To give an example of what I mean, take a look at one of the most famous proofs for the sum of the natural numbers: $$ c = 1 + 2 + 3 + 4 + ... \\ 4c = 4 + 8 + 12 + 16 + ... \\ -3c = 1 - 2 + 3 - 4 + 5 - ... \\ 1 - 2 + 3 - 4 + ... = \left.\frac{1}{(1 + x)^2}\right|_{x=1} = \frac{1}{4} \\ -3c = \frac{1}{4} \\ c = -\frac{1}{12} $$

If you were considering finding a value for $c$ whilst keeping in mind convergence, you would stop immediately at the first line of that proof. Clearly, $c = \infty$, no doubt about it. Yet if we continue on with the proof, using algebraic manipulations that would seem absurd to anyone considering convergence, we end up with $c = -\frac{1}{12}$.

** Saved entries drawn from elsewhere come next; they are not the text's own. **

(* Let $q\ge2$, $k\in[1:q]$, and let $\mathbf{u}$ be a probability distribution on $[1:q]$ with $|\mathrm{supp}(\mathbf{u})|=k$. Then for all sufficiently large $n$, $$M_{n,\mathbf{u}}(\mathbf{t})\le\frac{2}{n^{(k-1)/2}\sqrt{\prod_{i\in\mathrm{supp}(\mathbf{u})}u_i}}\qquad\forall\mathbf{t}\in\mathcal{N}_{q,n}.$$
   Context: $\mathcal{N}_{q,n}=\{\mathbf{t}\in\mathbb{Z}_{\ge0}^q:\sum_it_i=n\}$; $M_{n,\mathbf{u}}(\mathbf{t})=\frac{n!}{t_1!\cdots t_q!}\prod_iu_i^{t_i}$ (with $0^0=1$); $\mathrm{supp}(\mathbf{u})=\{i:u_i>0\}$. *)

From HB Require Import structures.
From mathcomp Require Import all_boot all_order all_algebra.
From mathcomp Require Import reals exp.
Set Implicit Arguments. Unset Strict Implicit. Unset Printing Implicit Defensive.
Import Order.TTheory GRing.Theory Num.Theory.
Local Open Scope ring_scope.

Definition in_Nqn (q n : nat) (t : 'I_q -> nat) : Prop := (\sum_(i < q) t i)%N = n.

Definition is_prob_dist (R : realType) (q : nat) (u : 'I_q -> R) : Prop :=
  (forall i, 0 <= u i) /\ \sum_(i < q) u i = 1.

Definition supp (R : realType) (q : nat) (u : 'I_q -> R) : {set 'I_q} :=
  [set i | 0 < u i].

(* M_{n,u}(t) = n!/(t_1!...t_q!) * prod u_i^{t_i}  (with 0^0 = 1) *)
Definition multinom (R : realType) (q n : nat) (u : 'I_q -> R) (t : 'I_q -> nat) : R :=
  (n`!)%:R / (\prod_(i < q) ((t i)`!)%:R) * \prod_(i < q) u i ^+ t i.

From HB Require Import structures.
From mathcomp Require Import all_boot all_order all_algebra.
From mathcomp Require Import functions reals normedtype sequences derive exp.
From mathcomp Require Import ring lra zify.
Import Order.TTheory GRing.Theory Num.Theory.
Import numFieldNormedType.Exports.
Local Open Scope ring_scope.

(* Let rho(m) = (m!)^2 e^(2m) / m^(2m+1) (it tends to 2 pi).  Two elementary
   estimates of ln((m+1)/m) show that rho is nonincreasing from rho(1) = e^2 and
   stays above e^(1 + 1/m) >= 2.  With c = rho(n) we then have
   (n!)^2 = c n^(2n+1) e^(-2n) and (t_i!)^2 >= c t_i^(2 t_i + 1) e^(-2 t_i) for
   0 < t_i <= n, the same constant on both sides, whence
     M_{n,u}(t)^2 <= c n * prod_{t_i > 0} (c t_i)^-1 * exp(-2 S),
   S = sum_i (sqrt(n u_i) - sqrt(t_i))^2, the last factor coming from
   (x/t)^t <= exp(2 sqrt(x t) - 2 t).  If t_i >= n u_i / 2 on the support, the
   product is at most (2 / (c n))^k / prod u_i, and c >= 2 gives the bound.
   Otherwise S >= n min_i u_i / 16, and M^2 decays exponentially in n. *)

Section MultinomialBound.
Variable R : realType.
Implicit Types a x : R.

Lemma ler_of_is_derive_ge0 (f df : R -> R) a :
  (forall x, a <= x -> is_derive x 1 f (df x)) ->
  (forall x, a < x -> 0 <= df x) -> forall x, a <= x -> f a <= f x.
Proof.
move=> f'df df_ge0 x a_le_x.
have f_der y : a <= y -> derivable f y 1 by move/f'df => ?; exact: ex_derive.
apply: (ger0_derive1_ndecry _ _ _ (lexx a) a_le_x).
- by move=> y; rewrite in_itv andbT => /ltW/f_der.
- move=> y; rewrite in_itv andbT => a_lt_y; have := f'df y (ltW a_lt_y) => ?.
  by rewrite derive1E derive_val df_ge0.
- by apply: derivable_within_continuous => y; rewrite in_itv andbT => /f_der.
Qed.

Lemma ln_ge_1subV x : 0 < x -> 1 - x^-1 <= ln x.
Proof.
move=> x_gt0; have xV_gt0 : 0 < x^-1 by rewrite invr_gt0.
have := le_ln1Dx (x := x^-1 - 1) ltac:(lra).
by rewrite addrC subrK lnV ?posrE //; lra.
Qed.

Lemma ln_le_subr1 x : 0 < x -> ln x <= x - 1.
Proof. by move=> x_gt0; have := le_ln1Dx (x := x - 1) ltac:(lra); rewrite addrC subrK. Qed.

So obviously we don't mean that the sum of the natural numbers converges to $-\frac{1}{12}$, but rather we mean that if $c$ were to be some number, it would have to satisfy the given algebraic properties ($-3c = \frac{1}{4}$).

This idea of analytic continuation makes sense to me, but what doesn't make sense to me is why it can't be applied to the harmonic sum. If we completed disregarded the convergence of $\sum_{k=1}^\infty{\frac{1}{k}}$ like we did above, are there algebraic manipulations we could apply to the sum that allow us to assign a value to it? Why can't we just define $H = \sum_{k=1}^\infty{\frac{1}{k}}$ to be a number that has certain algebraic properties, like we did with the sum of the natural numbers? Can you prove that $H$ must be $\infty$ using the same process as above?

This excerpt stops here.